>> For example, in my testing, a REP mad was completed as canceled;
>
>A REP?  If a REP times out, why aren't you ending up sending a REJ and aborting
>the connection?

The RTU for a connection can be lost, but the connection still formed.  An app 
will see transferred data on the QP.  If the app then issues a DREQ, the state 
transitions to DREQ_SENT.  This is the state that the connection is in when the 
send callback is invoked for the REP.  The connections are much shorter lived 
than the CM message timeouts are in this case.

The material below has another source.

(* In the setting below (either $P=\mathfrak S$ or $P=\mathfrak A$, absolute error criterion), if $\{S_d\}$ is polynomially tractable with constants $C,p>0$, $q\ge0$, then $\lambda\in\ell_\tau$ for all $\tau>p/2$, and for every such $\tau$ and all $d\in\mathbb N$, $$\frac1{\lambda_{d,\psi(1)}^\tau}\sum_{k\in\nabla_d}\lambda_{d,k}^\tau\le(1+C)d^q+C^{2\tau/p}\zeta\Big(\frac{2\tau}p\Big)\Big(\frac{d^{2q/p}}{\lambda_{d,\psi(1)}}\Big)^\tau.$$
   Context: Setting: $S_1:H_1\to G_1$ is a compact linear operator between real Hilbert spaces ($H_1$ infinite-dimensional separable); $\lambda=(\lambda_m)_{m\in\mathbb N}$, $\lambda_1\ge\lambda_2\ge\dots\ge0$, are the eigenvalues of $S_1^\dagger S_1$. $S_d=S_1^{\otimes d}:H_1^{\otimes d}\to G_1^{\otimes d}$. For each $d$ fix $\emptyset\ne I_d=\{i_1<\dots<i_{a_d}\}\subset\{1,\dots,d\}$ ($I_1=\{1\}$), put $a_d=\#I_d$, $b_d=d-a_d$, and fix one type $P\in\{\mathfrak S,\mathfrak A\}$ for all $d$; the problem $\{S_d\}$ is the family of restrictions of $S_d$ to the $I_d$-symmetric subspace (if $P=\mathfrak S$) or $I_d$-antisymmetric subspace (if $P=\mathfrak A$) of $H_1^{\otimes d}$, i.e. the range of $\frac1{a_d!}\sum_{\pi}(\pm1)U_\pi$, the sum over permutations $\pi$ of $\{1,\dots,d\}$ fixing all points outside $I_d$, $U_\pi(f_1\otimes\cdots\otimes f_d)=f_{\pi(1)}\otimes\cdots\otimes f_{\pi(d)}$, sign $(-1)^{|\pi|}$ used for $\mathfrak A$. Let $\nabla_d=\{k\in\mathbb N^d:k_{i_1}\le\dots\le k_{i_{a_d}}\}$ for $P=\mathfrak S$ and with strict inequalities for $P=\mathfrak A$; $\lambda_{d,k}=\prod_{l=1}^d\lambda_{k_l}$; $\psi:\mathbb N\to\nabla_d$ a bijection with $\lambda_{d,\psi(1)}\ge\lambda_{d,\psi(2)}\ge\cdots$. These are exactly the eigenvalues of $S_d^\dagger S_d$ on the subspace, and the information complexity (absolute error) is $n(\epsilon,d)=\#\{k\in\nabla_d:\lambda_{d,k}>\epsilon^2\}$, the initial error $\epsilon^{\rm init}_d=\sqrt{\lambda_{d,\psi(1)}}$ (equal to $\lambda_1^{d/2}$ if $P=\mathfrak S$, and $\sqrt{\lambda_1^{b_d}\lambda_1\lambda_2\cdots\lambda_{a_d}}$ if $P=\mathfrak A$). Polynomially tractable: $\exists C,p>0,q\ge0$ with $n(\epsilon,d)\le C\epsilon^{-p}d^q$ for all $d\in\mathbb N,\epsilon\in(0,1]$; strongly polynomially tractable: this with $q=0$. Standing assumptions: $\lambda_2>0$ and $\epsilon_d^{\rm init}>0$ for all $d$. $\ell_\tau$: sequences with $\|\lambda\|_{\ell_\tau}^\tau=\sum_m\lambda_m^\tau<\infty$. $\zeta$ is the Riemann zeta function. *)

From Stdlib Require Import Reals List Lia Lra.
Open Scope R_scope.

I would need to double check, but I thought the REP completed as canceled, not 
timed out.

>Not sure I quite follow here... The DREQ_SENT state should have invoked the
>callback.

This is a mad completion callback, not a cep state callback.  The mad was a 
REP, but the state was a DREQ_SENT.  This was the case I observed, but I'm 
pretty sure that other, similar problems exist.

>> +    else
>> +    {
>> +            KeReleaseInStackQueuedSpinLockFromDpcLevel( &hdl );
>> +            ib_put_mad( p_mad );
>> +    }
>
>Are you going to skip the switch statement on the MAD status then?  If so,
>don't forget to release the reference on the CEP held by the MAD.  Seems like
>you're missing a 'goto done;' here.

Yes - this needs to jump to the end, so we don't try to release the lock twice 
and we do release the reference on the cep.